═══ DATA SECTION ═══
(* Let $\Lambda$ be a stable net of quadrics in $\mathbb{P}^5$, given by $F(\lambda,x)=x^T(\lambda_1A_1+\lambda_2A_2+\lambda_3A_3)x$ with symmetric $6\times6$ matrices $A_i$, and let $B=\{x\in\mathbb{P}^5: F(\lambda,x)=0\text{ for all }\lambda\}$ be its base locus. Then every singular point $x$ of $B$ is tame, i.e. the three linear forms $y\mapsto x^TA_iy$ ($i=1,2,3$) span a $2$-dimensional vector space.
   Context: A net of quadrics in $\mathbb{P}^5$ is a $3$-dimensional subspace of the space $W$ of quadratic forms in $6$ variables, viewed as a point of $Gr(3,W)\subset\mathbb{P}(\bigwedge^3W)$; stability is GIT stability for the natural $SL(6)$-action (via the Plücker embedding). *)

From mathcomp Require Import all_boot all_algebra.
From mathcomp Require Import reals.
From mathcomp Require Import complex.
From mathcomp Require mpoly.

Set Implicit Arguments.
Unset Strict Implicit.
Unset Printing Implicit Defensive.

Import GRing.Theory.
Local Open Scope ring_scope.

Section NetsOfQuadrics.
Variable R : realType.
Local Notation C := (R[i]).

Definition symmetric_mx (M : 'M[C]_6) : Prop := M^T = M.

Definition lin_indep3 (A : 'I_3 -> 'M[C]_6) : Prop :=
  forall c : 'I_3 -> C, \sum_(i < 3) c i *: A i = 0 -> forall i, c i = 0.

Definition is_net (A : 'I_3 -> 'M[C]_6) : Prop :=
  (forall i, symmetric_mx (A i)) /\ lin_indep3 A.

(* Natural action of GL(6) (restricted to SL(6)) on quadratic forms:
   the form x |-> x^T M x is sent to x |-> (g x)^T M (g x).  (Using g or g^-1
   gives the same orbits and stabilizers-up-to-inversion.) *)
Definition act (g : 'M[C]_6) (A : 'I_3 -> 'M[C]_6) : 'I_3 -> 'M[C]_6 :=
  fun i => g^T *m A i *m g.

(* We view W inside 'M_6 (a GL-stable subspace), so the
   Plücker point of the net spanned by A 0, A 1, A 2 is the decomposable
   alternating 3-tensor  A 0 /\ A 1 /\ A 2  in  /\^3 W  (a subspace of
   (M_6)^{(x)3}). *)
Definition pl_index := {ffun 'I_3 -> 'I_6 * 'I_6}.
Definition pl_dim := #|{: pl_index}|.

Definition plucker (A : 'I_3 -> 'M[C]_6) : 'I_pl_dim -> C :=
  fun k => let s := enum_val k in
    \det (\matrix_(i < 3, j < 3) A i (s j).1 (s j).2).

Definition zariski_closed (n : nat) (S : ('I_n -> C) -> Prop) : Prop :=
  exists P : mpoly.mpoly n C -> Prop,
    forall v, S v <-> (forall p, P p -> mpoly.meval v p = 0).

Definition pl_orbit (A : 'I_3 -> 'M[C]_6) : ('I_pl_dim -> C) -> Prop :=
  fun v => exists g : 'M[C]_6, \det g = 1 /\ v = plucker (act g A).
═══
═══ DATA SECTION ═══
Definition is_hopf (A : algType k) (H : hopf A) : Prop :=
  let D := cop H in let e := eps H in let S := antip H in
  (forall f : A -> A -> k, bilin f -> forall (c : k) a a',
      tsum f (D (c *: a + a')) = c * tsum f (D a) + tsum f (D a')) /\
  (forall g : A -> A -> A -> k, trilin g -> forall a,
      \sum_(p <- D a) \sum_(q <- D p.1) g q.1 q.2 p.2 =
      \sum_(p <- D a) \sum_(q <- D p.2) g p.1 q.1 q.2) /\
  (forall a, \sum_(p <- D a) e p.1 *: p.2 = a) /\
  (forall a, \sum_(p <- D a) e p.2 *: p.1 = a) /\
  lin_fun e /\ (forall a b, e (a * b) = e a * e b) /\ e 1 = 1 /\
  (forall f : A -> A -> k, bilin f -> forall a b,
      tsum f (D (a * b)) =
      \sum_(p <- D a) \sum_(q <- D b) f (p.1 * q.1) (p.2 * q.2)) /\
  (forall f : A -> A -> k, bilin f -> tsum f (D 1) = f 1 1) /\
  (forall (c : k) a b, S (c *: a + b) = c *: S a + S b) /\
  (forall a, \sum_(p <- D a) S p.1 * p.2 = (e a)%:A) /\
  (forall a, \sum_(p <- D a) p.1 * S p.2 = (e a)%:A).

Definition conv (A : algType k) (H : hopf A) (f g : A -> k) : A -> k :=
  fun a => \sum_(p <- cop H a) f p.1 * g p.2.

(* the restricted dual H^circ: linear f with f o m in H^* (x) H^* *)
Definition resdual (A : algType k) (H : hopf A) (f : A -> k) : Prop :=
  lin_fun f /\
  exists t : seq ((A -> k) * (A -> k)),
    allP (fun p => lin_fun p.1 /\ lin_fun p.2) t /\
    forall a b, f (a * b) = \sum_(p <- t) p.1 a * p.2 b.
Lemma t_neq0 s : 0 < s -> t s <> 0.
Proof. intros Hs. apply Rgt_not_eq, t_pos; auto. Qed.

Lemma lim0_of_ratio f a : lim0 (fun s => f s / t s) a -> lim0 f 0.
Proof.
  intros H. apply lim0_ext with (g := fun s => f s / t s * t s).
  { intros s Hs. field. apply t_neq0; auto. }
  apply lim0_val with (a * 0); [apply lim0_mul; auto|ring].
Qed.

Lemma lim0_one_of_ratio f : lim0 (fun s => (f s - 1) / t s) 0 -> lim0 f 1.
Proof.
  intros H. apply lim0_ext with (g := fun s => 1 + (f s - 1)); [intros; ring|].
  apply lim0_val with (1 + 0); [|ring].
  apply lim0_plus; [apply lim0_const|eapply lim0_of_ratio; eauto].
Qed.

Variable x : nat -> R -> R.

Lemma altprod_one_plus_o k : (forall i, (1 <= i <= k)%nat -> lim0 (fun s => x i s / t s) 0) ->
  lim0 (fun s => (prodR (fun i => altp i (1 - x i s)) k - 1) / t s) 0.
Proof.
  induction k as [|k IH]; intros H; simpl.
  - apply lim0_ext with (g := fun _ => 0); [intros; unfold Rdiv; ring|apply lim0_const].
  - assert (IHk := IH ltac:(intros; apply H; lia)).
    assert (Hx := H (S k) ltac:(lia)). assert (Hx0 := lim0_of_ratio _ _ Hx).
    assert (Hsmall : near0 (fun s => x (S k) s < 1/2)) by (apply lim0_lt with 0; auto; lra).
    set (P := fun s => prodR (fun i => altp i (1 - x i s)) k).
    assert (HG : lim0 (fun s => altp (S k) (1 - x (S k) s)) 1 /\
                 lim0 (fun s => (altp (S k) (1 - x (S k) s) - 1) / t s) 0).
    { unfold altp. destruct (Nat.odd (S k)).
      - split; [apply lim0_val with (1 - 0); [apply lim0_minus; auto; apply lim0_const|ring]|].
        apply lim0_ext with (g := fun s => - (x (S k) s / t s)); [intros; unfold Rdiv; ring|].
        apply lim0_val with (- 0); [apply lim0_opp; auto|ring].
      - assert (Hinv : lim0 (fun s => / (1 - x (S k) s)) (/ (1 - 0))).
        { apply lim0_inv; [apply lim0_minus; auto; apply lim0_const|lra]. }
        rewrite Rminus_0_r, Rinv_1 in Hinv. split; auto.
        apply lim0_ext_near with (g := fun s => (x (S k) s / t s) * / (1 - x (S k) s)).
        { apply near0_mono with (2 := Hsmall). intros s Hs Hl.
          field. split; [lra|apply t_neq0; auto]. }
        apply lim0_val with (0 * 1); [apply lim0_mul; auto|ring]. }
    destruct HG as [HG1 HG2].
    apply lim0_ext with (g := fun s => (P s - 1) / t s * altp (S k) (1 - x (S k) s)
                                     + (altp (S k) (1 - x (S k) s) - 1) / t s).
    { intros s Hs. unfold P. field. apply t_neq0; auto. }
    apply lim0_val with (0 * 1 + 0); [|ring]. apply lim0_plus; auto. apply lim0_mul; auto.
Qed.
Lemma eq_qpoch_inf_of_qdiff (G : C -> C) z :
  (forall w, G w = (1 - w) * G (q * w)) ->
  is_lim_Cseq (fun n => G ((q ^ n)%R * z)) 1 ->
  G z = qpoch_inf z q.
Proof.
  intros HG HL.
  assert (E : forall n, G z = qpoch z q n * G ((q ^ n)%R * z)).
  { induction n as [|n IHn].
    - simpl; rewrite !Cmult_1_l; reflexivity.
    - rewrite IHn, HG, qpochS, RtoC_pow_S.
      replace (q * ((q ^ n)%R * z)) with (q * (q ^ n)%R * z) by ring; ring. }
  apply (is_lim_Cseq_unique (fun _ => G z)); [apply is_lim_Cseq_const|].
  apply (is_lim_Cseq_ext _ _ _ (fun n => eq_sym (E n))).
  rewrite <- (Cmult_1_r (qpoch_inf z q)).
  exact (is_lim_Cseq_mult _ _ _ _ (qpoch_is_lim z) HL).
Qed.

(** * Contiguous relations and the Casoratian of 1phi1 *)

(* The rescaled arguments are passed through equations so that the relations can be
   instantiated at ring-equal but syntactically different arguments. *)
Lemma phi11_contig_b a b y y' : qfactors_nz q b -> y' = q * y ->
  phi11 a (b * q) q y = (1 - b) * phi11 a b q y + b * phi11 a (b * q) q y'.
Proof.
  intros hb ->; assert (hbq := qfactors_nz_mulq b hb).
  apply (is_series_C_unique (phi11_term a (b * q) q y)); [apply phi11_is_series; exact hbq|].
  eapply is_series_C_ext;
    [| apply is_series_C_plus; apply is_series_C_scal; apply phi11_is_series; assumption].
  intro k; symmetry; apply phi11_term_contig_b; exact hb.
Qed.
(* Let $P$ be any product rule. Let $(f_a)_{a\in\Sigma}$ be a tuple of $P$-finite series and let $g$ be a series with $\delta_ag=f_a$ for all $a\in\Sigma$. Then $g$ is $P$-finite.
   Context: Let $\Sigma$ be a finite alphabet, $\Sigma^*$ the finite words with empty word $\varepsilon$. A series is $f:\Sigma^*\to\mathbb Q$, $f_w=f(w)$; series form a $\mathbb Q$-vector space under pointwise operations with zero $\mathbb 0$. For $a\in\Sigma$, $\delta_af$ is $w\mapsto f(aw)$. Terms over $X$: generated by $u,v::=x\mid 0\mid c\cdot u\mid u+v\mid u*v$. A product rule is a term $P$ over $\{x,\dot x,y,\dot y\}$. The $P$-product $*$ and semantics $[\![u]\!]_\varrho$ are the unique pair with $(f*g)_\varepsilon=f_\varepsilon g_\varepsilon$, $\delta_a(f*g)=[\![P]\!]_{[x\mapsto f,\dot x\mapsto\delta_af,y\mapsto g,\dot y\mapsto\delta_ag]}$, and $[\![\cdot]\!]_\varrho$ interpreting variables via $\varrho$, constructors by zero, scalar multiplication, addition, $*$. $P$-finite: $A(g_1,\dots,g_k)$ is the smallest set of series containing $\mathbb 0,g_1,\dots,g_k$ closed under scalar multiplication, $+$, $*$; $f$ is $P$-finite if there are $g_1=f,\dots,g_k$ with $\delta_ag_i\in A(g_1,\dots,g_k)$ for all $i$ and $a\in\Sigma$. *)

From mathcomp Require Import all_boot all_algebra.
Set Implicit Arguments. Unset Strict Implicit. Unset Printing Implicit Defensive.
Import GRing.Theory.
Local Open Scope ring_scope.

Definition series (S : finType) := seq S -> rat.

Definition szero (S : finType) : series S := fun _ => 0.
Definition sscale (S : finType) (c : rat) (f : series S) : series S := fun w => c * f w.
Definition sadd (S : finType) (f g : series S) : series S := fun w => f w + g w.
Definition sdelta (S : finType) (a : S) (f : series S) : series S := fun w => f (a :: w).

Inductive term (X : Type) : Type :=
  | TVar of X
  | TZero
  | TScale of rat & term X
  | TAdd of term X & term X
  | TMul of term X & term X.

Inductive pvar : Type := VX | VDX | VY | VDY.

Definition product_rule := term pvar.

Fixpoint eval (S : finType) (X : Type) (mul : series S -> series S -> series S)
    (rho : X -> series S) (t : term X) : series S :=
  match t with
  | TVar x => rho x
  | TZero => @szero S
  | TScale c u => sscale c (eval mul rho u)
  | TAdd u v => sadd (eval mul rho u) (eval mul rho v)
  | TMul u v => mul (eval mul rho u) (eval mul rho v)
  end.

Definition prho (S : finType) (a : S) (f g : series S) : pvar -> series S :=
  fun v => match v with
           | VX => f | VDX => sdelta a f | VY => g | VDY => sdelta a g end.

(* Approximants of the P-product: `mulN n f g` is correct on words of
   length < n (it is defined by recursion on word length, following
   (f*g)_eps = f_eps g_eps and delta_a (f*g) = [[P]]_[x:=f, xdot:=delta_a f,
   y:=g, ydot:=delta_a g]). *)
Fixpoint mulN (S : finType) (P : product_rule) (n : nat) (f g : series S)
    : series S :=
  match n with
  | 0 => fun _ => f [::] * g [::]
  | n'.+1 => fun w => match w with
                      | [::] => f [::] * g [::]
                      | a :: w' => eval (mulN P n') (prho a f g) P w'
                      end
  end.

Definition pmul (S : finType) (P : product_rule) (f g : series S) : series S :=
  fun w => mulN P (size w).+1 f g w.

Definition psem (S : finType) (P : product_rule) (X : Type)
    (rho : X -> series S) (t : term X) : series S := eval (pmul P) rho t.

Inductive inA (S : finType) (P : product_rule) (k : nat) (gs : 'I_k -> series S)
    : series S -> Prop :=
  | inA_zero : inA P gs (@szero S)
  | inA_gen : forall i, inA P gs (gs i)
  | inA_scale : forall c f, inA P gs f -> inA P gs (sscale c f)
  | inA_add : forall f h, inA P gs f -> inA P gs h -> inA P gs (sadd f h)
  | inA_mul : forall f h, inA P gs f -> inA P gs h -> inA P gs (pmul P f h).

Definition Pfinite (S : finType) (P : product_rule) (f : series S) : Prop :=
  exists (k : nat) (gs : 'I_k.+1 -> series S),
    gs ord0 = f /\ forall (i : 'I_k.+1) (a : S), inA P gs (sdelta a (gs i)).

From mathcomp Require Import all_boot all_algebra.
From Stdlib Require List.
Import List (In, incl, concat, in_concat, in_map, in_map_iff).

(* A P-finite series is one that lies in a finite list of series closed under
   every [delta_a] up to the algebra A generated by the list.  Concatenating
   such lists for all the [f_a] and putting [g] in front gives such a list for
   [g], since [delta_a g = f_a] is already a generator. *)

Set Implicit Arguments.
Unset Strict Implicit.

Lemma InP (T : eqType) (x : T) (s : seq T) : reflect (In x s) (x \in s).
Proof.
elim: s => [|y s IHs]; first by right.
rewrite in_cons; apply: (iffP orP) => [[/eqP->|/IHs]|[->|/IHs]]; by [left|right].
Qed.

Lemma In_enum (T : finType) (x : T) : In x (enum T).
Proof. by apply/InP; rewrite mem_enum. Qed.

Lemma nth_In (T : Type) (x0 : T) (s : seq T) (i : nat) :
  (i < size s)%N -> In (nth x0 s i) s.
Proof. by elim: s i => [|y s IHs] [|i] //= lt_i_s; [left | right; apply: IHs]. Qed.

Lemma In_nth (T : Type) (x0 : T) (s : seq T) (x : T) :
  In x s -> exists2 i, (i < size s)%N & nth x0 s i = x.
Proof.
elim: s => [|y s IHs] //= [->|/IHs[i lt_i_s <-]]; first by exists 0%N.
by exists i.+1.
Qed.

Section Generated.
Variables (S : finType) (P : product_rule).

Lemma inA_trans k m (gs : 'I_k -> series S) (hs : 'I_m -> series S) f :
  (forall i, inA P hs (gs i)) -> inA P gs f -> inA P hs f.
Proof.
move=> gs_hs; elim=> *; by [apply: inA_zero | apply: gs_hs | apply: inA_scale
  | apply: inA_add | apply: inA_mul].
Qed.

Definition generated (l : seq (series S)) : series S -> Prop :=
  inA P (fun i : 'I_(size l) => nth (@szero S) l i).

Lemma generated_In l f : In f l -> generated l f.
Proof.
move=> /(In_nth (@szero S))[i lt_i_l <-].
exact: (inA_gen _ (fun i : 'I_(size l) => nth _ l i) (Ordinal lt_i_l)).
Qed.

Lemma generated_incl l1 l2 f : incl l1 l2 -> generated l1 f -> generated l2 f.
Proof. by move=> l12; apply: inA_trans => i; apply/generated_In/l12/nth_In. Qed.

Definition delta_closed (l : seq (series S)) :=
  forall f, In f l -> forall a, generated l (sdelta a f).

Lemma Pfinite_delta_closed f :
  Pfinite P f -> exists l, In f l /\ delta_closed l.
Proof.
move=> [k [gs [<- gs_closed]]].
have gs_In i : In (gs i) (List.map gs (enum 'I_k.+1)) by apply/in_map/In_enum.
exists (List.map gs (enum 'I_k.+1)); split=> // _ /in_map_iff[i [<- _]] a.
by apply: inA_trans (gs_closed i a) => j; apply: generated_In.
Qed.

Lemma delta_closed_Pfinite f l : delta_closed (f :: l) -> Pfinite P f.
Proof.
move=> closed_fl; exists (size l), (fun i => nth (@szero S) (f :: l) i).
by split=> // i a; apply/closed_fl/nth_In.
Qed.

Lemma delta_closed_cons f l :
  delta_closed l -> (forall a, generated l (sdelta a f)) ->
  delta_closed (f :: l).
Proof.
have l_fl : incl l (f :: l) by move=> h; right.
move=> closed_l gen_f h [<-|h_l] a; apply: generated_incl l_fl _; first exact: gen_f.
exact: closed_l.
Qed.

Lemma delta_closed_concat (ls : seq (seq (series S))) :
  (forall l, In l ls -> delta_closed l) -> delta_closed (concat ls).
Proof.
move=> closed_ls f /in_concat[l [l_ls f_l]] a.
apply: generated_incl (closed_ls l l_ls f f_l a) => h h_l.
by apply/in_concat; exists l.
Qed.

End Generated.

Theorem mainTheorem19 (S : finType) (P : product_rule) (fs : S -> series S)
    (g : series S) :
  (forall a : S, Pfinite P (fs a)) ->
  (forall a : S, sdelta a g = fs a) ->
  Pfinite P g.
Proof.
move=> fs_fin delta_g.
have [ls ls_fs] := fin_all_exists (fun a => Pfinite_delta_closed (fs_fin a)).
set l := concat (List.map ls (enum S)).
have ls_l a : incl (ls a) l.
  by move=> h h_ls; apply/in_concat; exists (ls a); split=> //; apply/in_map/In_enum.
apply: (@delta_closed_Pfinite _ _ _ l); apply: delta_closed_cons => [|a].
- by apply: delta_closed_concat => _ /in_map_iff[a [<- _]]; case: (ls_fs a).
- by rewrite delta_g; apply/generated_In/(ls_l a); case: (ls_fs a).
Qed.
═══
TASK DETAILS :: If a line in the records contains the word "sscale", copy it.

ANSWER BOX ::
Definition sscale (S : finType) (c : rat) (f : series S) : series S := fun w => c * f w.
  | TScale c u => sscale c (eval mul rho u)
  | inA_scale : forall c f, inA P gs f -> inA P gs (sscale c f)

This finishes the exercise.